Since we're taking about privilege. Many moons ago at job interview, a legendary editor with a worthy journalist daughter who everyone celebrates, I was asked, "what do your parents do?" He was unimpressed with my answer. I was 23, I wanted to change the world. "Anyone in media?"
I said no. I was from a lower middle class family. First generation journalist. I got the job. But I learnt to notice who the imp people around my age or slightly older were. I was learning the ropes of midnight SI Press while ppl close to my age were on plum reporting beat
They spoke of midnight visitors - famous poets, theatre artists. We were learning to unwrite middle school English & unlearn "ki" as punctuation. They were "sharing a drink with dad." Homes with teak bookshelves. Reading was curated by intellectual upper class working parents.

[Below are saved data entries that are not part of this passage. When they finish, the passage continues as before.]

(* No infinite betweenness algebra is a MIA; that is, if $\langle A,f,g\rangle$ is a betweenness algebra with $A$ infinite, then $Q_f\neq S_g$.
   Context: A PS-algebra is $\langle A,f,g\rangle$ where $A$ is a Boolean algebra with at least two elements (operations $+,\cdot,-,0,1$) and $f,g\colon A^2\to A$ satisfy: $f(x,y)=0$ whenever $x=0$ or $y=0$; $f$ is additive in each argument; $g(x,y)=1$ whenever $x=0$ or $y=0$; $g$ is co-additive in each argument ($g(x+x',y)=g(x,y)\cdot g(x',y)$, $g(x,y+y')=g(x,y)\cdot g(x,y')$). A betweenness algebra is a PS-algebra satisfying for all $x,y,z$: (ABT0) $x\leq f(x,x)$; (ABT1$_f$) $f(x,y)\leq f(y,x)$; (ABT1$_g$) $g(x,y)\leq g(y,x)$; (ABT2) $y\cdot f(x,z)\leq f(x\cdot f(x,y),z)$; (ABT3) $f(x,g(x,-y)\cdot y)\leq y$; (wMIA) if $x\neq0$ and $y\neq0$ then $g(x,y)\leq f(x,y)$. On the set of ultrafilters of $A$ define $Q_f(\mathcal U_1,\mathcal U_2,\mathcal U_3)\iff f[\mathcal U_1\times\mathcal U_3]\subseteq\mathcal U_2$ and $S_g(\mathcal U_1,\mathcal U_2,\mathcal U_3)\iff g[\mathcal U_1\times\mathcal U_3]\cap\mathcal U_2\neq\emptyset$. A PS-algebra is a MIA (mixed algebra) if $Q_f=S_g$. *)

(* A Boolean algebra is a complemented distributive lattice
   with top and bottom: MathComp's ctbDistrLatticeType. *)
From mathcomp Require Import all_boot all_order.
Import Order.Theory.
Local Open Scope order_scope.

Section BA.
Context {d : Order.disp_t} {A : ctbDistrLatticeType d}.

Definition PS_algebra (f g : A -> A -> A) : Prop :=
  (forall x y, x = \bot \/ y = \bot -> f x y = \bot) /\
  (forall x x' y, f (x `|` x') y = f x y `|` f x' y) /\
  (forall x y y', f x (y `|` y') = f x y `|` f x y') /\
  (forall x y, x = \bot \/ y = \bot -> g x y = \top) /\
  (forall x x' y, g (x `|` x') y = g x y `&` g x' y) /\
  (forall x y y', g x (y `|` y') = g x y `&` g x y').

Definition betweenness_algebra (f g : A -> A -> A) : Prop :=
  PS_algebra f g /\
  (forall x, x <= f x x) /\
  (forall x y, f x y <= f y x) /\
  (forall x y, g x y <= g y x) /\
  (forall x y z, y `&` f x z <= f (x `&` f x y) z) /\
  (forall x y, f x (g x (~` y) `&` y) <= y) /\
  (forall x y, x != \bot -> y != \bot -> g x y <= f x y).

Definition ultrafilter (U : A -> Prop) : Prop :=
  [/\ (forall x y, U x -> x <= y -> U y),
      (forall x y, U x -> U y -> U (x `&` y)),
      ~ U \bot
    & (forall x, U x \/ U (~` x))].

Definition Q_rel (f : A -> A -> A) (U1 U2 U3 : A -> Prop) : Prop :=
  forall a b, U1 a -> U3 b -> U2 (f a b).

Definition S_rel (g : A -> A -> A) (U1 U2 U3 : A -> Prop) : Prop :=
  exists a b, [/\ U1 a, U3 b & U2 (g a b)].

Definition is_MIA (f g : A -> A -> A) : Prop :=
  forall U1 U2 U3, ultrafilter U1 -> ultrafilter U2 -> ultrafilter U3 ->
    (Q_rel f U1 U2 U3 <-> S_rel g U1 U2 U3).

End BA.

Definition infinite_type (T : eqType) : Prop :=
  forall s : seq T, exists x : T, x \notin s.

(* Q_f(U,U,U) holds for every ultrafilter U, by ABT0 and monotonicity of f.
   In a MIA, S_g(U,U,U) then yields some e in U with e <= g(e,e), and ABT3 and
   wMIA force any such nonzero e to be an atom: for 0 < p <= e with q = e - p
   nonzero, p <= g(p,q) <= f(p,q) <= -p. So U is principal. But an infinite
   Boolean algebra carries an ultrafilter containing no atom, namely any
   ultrafilter extending the Frechet filter of elements whose complement is a
   finite join of atoms (proper because only finitely many elements lie below a
   finite join of atoms). *)
From mathcomp Require Import all_boot all_order.
From mathcomp Require Import boolp classical_sets.
Import Order.Theory.
Local Open Scope classical_set_scope.
Local Open Scope order_scope.

Section UltrafilterExtension.
Context {d : Order.disp_t} {A : ctbDistrLatticeType d}.
Implicit Types (F M U : A -> Prop) (x y : A).

Definition proper_filter F : Prop :=
  [/\ F \top,
      (forall x y, F x -> x <= y -> F y),
      (forall x y, F x -> F y -> F (x `&` y))
    & ~ F \bot].

Definition filter_adjoin F x : A -> Prop :=
  fun y => exists2 u, F u & u `&` x <= y.

Lemma proper_filter_adjoin F x :
  proper_filter F -> ~ F (~` x) -> proper_filter (filter_adjoin F x).
Proof.
move=> [Ftop Fup Fmeet _] Fnx; split.
- by exists \top; rewrite ?lex1.
- by move=> y z [u Fu uy] yz; exists u => //; apply: le_trans yz.
- move=> y z [u Fu uy] [v Fv vz]; exists (u `&` v); first exact: Fmeet.
  by rewrite lexI (le_trans _ uy) ?(le_trans _ vz) ?leI2 ?leIl ?leIr.
- move=> [u Fu]; rewrite lex0 disj_leC => ux.
  by apply: Fnx; apply: Fup ux.
Qed.

Lemma maximal_proper_filter_ultra F M :
  proper_filter M -> F `<=` M ->
  (forall B, M `<` B -> ~ (F `<=` B /\ proper_filter B)) ->
  ultrafilter M.
Proof.
move=> Mfilter FM Mmax; have [Mtop Mup Mmeet Mbot] := Mfilter; split=> // x.
have [Mx|Mx] := pselect (M x); first by left.
have [Mnx|Mnx] := pselect (M (~` x)); first by right.
exfalso; apply: (Mmax (filter_adjoin M x)).
- split; first by move=> y My; exists y; rewrite ?leIl.
  by move=> Madj; apply: Mx; apply: Madj; exists \top; rewrite ?meet1x.
- split; last exact: proper_filter_adjoin.
  by move=> y /FM My; exists y; rewrite ?leIl.
Qed.

Lemma proper_filter_bigcup (C : set (A -> Prop)) X0 :
  C X0 -> proper_filter X0 -> (forall X x, C X -> X x -> proper_filter X) ->
  total_on C subset -> proper_filter (\bigcup_(X in C) X).
Proof.
move=> CX0 [X0top _ _ _] Cfilter Ctot; split.
- by exists X0.
- move=> x y [X CX Xx] xy; exists X => //.
  by case: (Cfilter _ _ CX Xx) => _ Xup _ _; apply: Xup xy.
- move=> x y [X CX Xx] [Y CY Yy].
  have [XY|YX] := Ctot _ _ CX CY.
    exists Y => //; case: (Cfilter _ _ CY Yy) => _ _ Ymeet _.
    by apply: Ymeet => //; apply: XY.
  exists X => //; case: (Cfilter _ _ CX Xx) => _ _ Xmeet _.
  by apply: Xmeet => //; apply: YX.
- by move=> [X CX Xbot]; case: (Cfilter _ _ CX Xbot).
Qed.

Lemma ultrafilter_extension F :
  proper_filter F -> exists U, ultrafilter U /\ F `<=` U.
Proof.
move=> Ffilter.
(* [set0] is admitted so that the empty chain has an upper bound. *)
pose P (X : A -> Prop) := X = set0 \/ F `<=` X /\ proper_filter X.
have extP X x : P X -> X x -> F `<=` X /\ proper_filter X.
  by case=> [-> //|].
have [M [[M0|[FM Mfilter]] Mmax]] :
    exists M, P M /\ forall B, M `<` B -> ~ P B.
- apply: Zorn_bigcup => C CP Ctot.
  have [[X0 CX0 [x0 X0x0]]|Cempty] := pselect (exists2 X, C X & X !=set0).
    have [FX0 X0filter] := extP _ _ (CP _ CX0) X0x0.
    right; split; first exact: subset_trans FX0 (bigcup_sup CX0).
    apply: proper_filter_bigcup CX0 X0filter _ Ctot.
    by move=> X x CX Xx; case: (extP _ _ (CP _ CX) Xx).
  left; rewrite -subset0 => x [X CX Xx].
  by apply: Cempty; exists X => //; exists x.
- have [Ftop _ _ _] := Ffilter.
  exfalso; apply: (Mmax F); last by right; split.
  by rewrite M0; split; [exact: sub0set | move=> /(_ _ Ftop)].
- exists M; split=> //; apply: maximal_proper_filter_ultra Mfilter FM _.
  by move=> B MB BF; apply: (Mmax B MB); right.
Qed.

End UltrafilterExtension.

Section AtomlessUltrafilter.
Context {d : Order.disp_t} {A : ctbDistrLatticeType d}.

Definition atom (a : A) : Prop :=
  a != \bot /\ forall y, y <= a -> y = \bot \/ y = a.

Definition atoms (s : seq A) : Prop := forall a, a \in s -> atom a.

Lemma finite_below_join_atoms (s : seq A) : atoms s ->
  exists L : seq A, forall x, x <= \join_(a <- s) a -> x \in L.
Proof.
elim: s => [|a s IHs] s_atoms.
  by exists [:: \bot] => x; rewrite big_nil lex0 inE.
have [|L HL] := IHs; first by move=> b bs; apply: s_atoms; rewrite inE bs orbT.
have [_ a_min] := s_atoms a (mem_head _ _).
exists (L ++ map (Order.join a) L) => x; rewrite big_cons => xle.
have xE : x = (x `&` a) `|` (x `&` \join_(b <- s) b) by rewrite -meetUr meet_l.
have xsL : x `&` \join_(b <- s) b \in L by apply: HL; exact: leIr.
rewrite mem_cat; have [xa0|xaa] := a_min (x `&` a) (leIr _ _).
  by rewrite xE xa0 join0x xsL.
by rewrite xE xaa map_f ?orbT.
Qed.

Definition frechet_filter (y : A) : Prop :=
  exists2 s, atoms s & ~` y <= \join_(a <- s) a.

Lemma proper_frechet_filter : infinite_type A -> proper_filter frechet_filter.
Proof.
move=> Ainf; split.
- by exists [::] => //; rewrite compl1 le0x.
- move=> x y [s s_atoms xs] xy; exists s => //.
  by apply: le_trans xs; rewrite leC.
- move=> x y [s s_atoms xs] [t t_atoms yt]; exists (s ++ t).
    by move=> a; rewrite mem_cat => /orP[]; [apply: s_atoms | apply: t_atoms].
  by rewrite big_cat complI leU2.
- move=> [s s_atoms]; rewrite compl0 => top_le.
  have [L HL] := finite_below_join_atoms _ s_atoms.
  have [x xL] := Ainf L.
  by move: xL; rewrite HL // (le_trans _ top_le) ?lex1.
Qed.

Lemma atomless_ultrafilter : infinite_type A ->
  exists U : A -> Prop, ultrafilter U /\ forall a, atom a -> ~ U a.
Proof.
move=> Ainf.
have [U [[Uup Umeet Ubot Uult] frechetU]] :=
  ultrafilter_extension _ (proper_frechet_filter Ainf).
exists U; split=> // a a_atom Ua; apply: Ubot.
have Una : U (~` a).
  apply: frechetU; exists [:: a]; last by rewrite big_seq1 complK.
  by move=> b /[1!inE] /eqP ->.
by rewrite -(meetxC a); apply: Umeet.
Qed.

End AtomlessUltrafilter.

Section AdditiveMaps.
Context {d : Order.disp_t} {L : latticeType d}.
Variable h : L -> L -> L.

Lemma le_additive2 :
    (forall x x' y, h (x `|` x') y = h x y `|` h x' y) ->
    (forall x y y', h x (y `|` y') = h x y `|` h x y') ->
  forall x x' y y', x <= x' -> y <= y' -> h x y <= h x' y'.
Proof.
move=> hDl hDr x x' y y' /join_idPr <- /join_idPr <-.
by rewrite hDl hDr -joinA leUl.
Qed.

Lemma ge_coadditive2 :
    (forall x x' y, h (x `|` x') y = h x y `&` h x' y) ->
    (forall x y y', h x (y `|` y') = h x y `&` h x y') ->
  forall x x' y y', x <= x' -> y <= y' -> h x' y' <= h x y.
Proof.
move=> hDl hDr x x' y y' /join_idPr <- /join_idPr <-.
by rewrite hDl hDr -meetA leIl.
Qed.

End AdditiveMaps.

Section PSAlgebra.
Context {d : Order.disp_t} {A : ctbDistrLatticeType d}.
Context {f g : A -> A -> A}.
Hypothesis fgPS : PS_algebra f g.

Lemma PS_le_f x x' y y' : x <= x' -> y <= y' -> f x y <= f x' y'.
Proof. by case: fgPS => _ [fDl [fDr _]]; apply: le_additive2. Qed.

Lemma PS_ge_g x x' y y' : x <= x' -> y <= y' -> g x' y' <= g x y.
Proof. by case: fgPS => _ [_ [_ [_ [gDl gDr]]]]; apply: ge_coadditive2. Qed.

Lemma Q_rel_diag U :
  (forall x, x <= f x x) -> ultrafilter U -> Q_rel f U U U.
Proof.
move=> f_diag [Uup Umeet _ _] a b Ua Ub.
apply: (Uup (a `&` b)); first exact: Umeet.
by apply: le_trans (f_diag _) _; apply: PS_le_f; rewrite ?leIl ?leIr.
Qed.

Lemma S_rel_diag_le_g U :
  ultrafilter U -> S_rel g U U U -> exists2 e, U e & e <= g e e.
Proof.
move=> [Uup Umeet _ _] [a [b [Ua Ub Ugab]]].
have Uab : U (a `&` b) by apply: Umeet.
have Ug : U (g (a `&` b) (a `&` b)).
  by apply: Uup Ugab _; apply: PS_ge_g; rewrite ?leIl ?leIr.
exists (a `&` b `&` g (a `&` b) (a `&` b)); first exact: Umeet.
by apply: le_trans (leIr _ _) _; apply: PS_ge_g; exact: leIl.
Qed.

Lemma atom_le_g_diag e :
    (forall x y, f x (g x (~` y) `&` y) <= y) ->
    (forall x y, x != \bot -> y != \bot -> g x y <= f x y) ->
  e != \bot -> e <= g e e -> atom e.
Proof.
move=> abt3 wmia e0 e_le_g; split=> // p pe.
have [->|p0] := eqVneq p \bot; [by left | right].
have [q0|q0] := eqVneq (e `&` ~` p) \bot.
  by apply/eqP; rewrite eq_le pe /= -[p]complK -disj_leC q0.
set q := e `&` ~` p in q0.
have q_le_g : q <= g p p.
  by rewrite (le_trans (leIl _ _)) // (le_trans e_le_g) ?PS_ge_g.
have p_le_fpq : p <= f p q.
  apply: le_trans (wmia _ _ p0 q0); apply: (le_trans pe (le_trans e_le_g _)).
  exact: PS_ge_g pe (leIl _ _).
have fpq_le_np : f p q <= ~` p.
  by rewrite (le_trans _ (abt3 p (~` p))) // PS_le_f // complK lexI q_le_g leIr.
have := le_trans p_le_fpq fpq_le_np.
by rewrite -disj_leC meetxx (negbTE p0).
Qed.

End PSAlgebra.

Theorem theorem49 (d : Order.disp_t) (A : ctbDistrLatticeType d)
    (f g : A -> A -> A) :
  (\bot : A) != \top ->
  infinite_type A ->
  betweenness_algebra f g ->
  ~ is_MIA f g.
Proof.
(* Nontriviality of A is already implied by its being infinite. *)
move=> _ Ainf [fgPS [abt0 [_ [_ [_ [abt3 wmia]]]]]] fgMIA.
have [U [Uultra U_atomless]] := atomless_ultrafilter Ainf.
have [e Ue e_le_g] : exists2 e, U e & e <= g e e.
  apply: (S_rel_diag_le_g fgPS _ Uultra).
  apply/(fgMIA _ _ _ Uultra Uultra Uultra).
  exact: Q_rel_diag fgPS _ abt0 Uultra.
apply: (U_atomless e) => //; apply: (atom_le_g_diag fgPS e abt3 wmia _ e_le_g).
by apply: contraPneq Ue => ->; case: Uultra.
Qed.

I realised that intellectual, social and class capital of second and third generations of journalists is something we'll never compete with. It refinement the rest of us will acquire over years of hard work and still many doors will be closed to us. Do something -
Google the names of all truly well known journalists today. Those you hear as household names. They are brilliant, I'm not denying it. But brilliance is also a combination of right opportunity + practice + privilege + experience capital of parents and their intimate social circle
Many of these journalists are doing phenomenal things bec they're actually good. But almost all of them are product of stunning privilege. The doors that opened for them as young reporters. When you can call a newspaper's managing editor "uncle" at work, where is the struggle?
May I end this by saying that if as middle-aged editors (personally witnessed twice, man + woman, many others did too) you have to scream at trembling interns over the phone, "how dare you not recognise my voice," & "do you know who you're speaking to?" your career is a waste.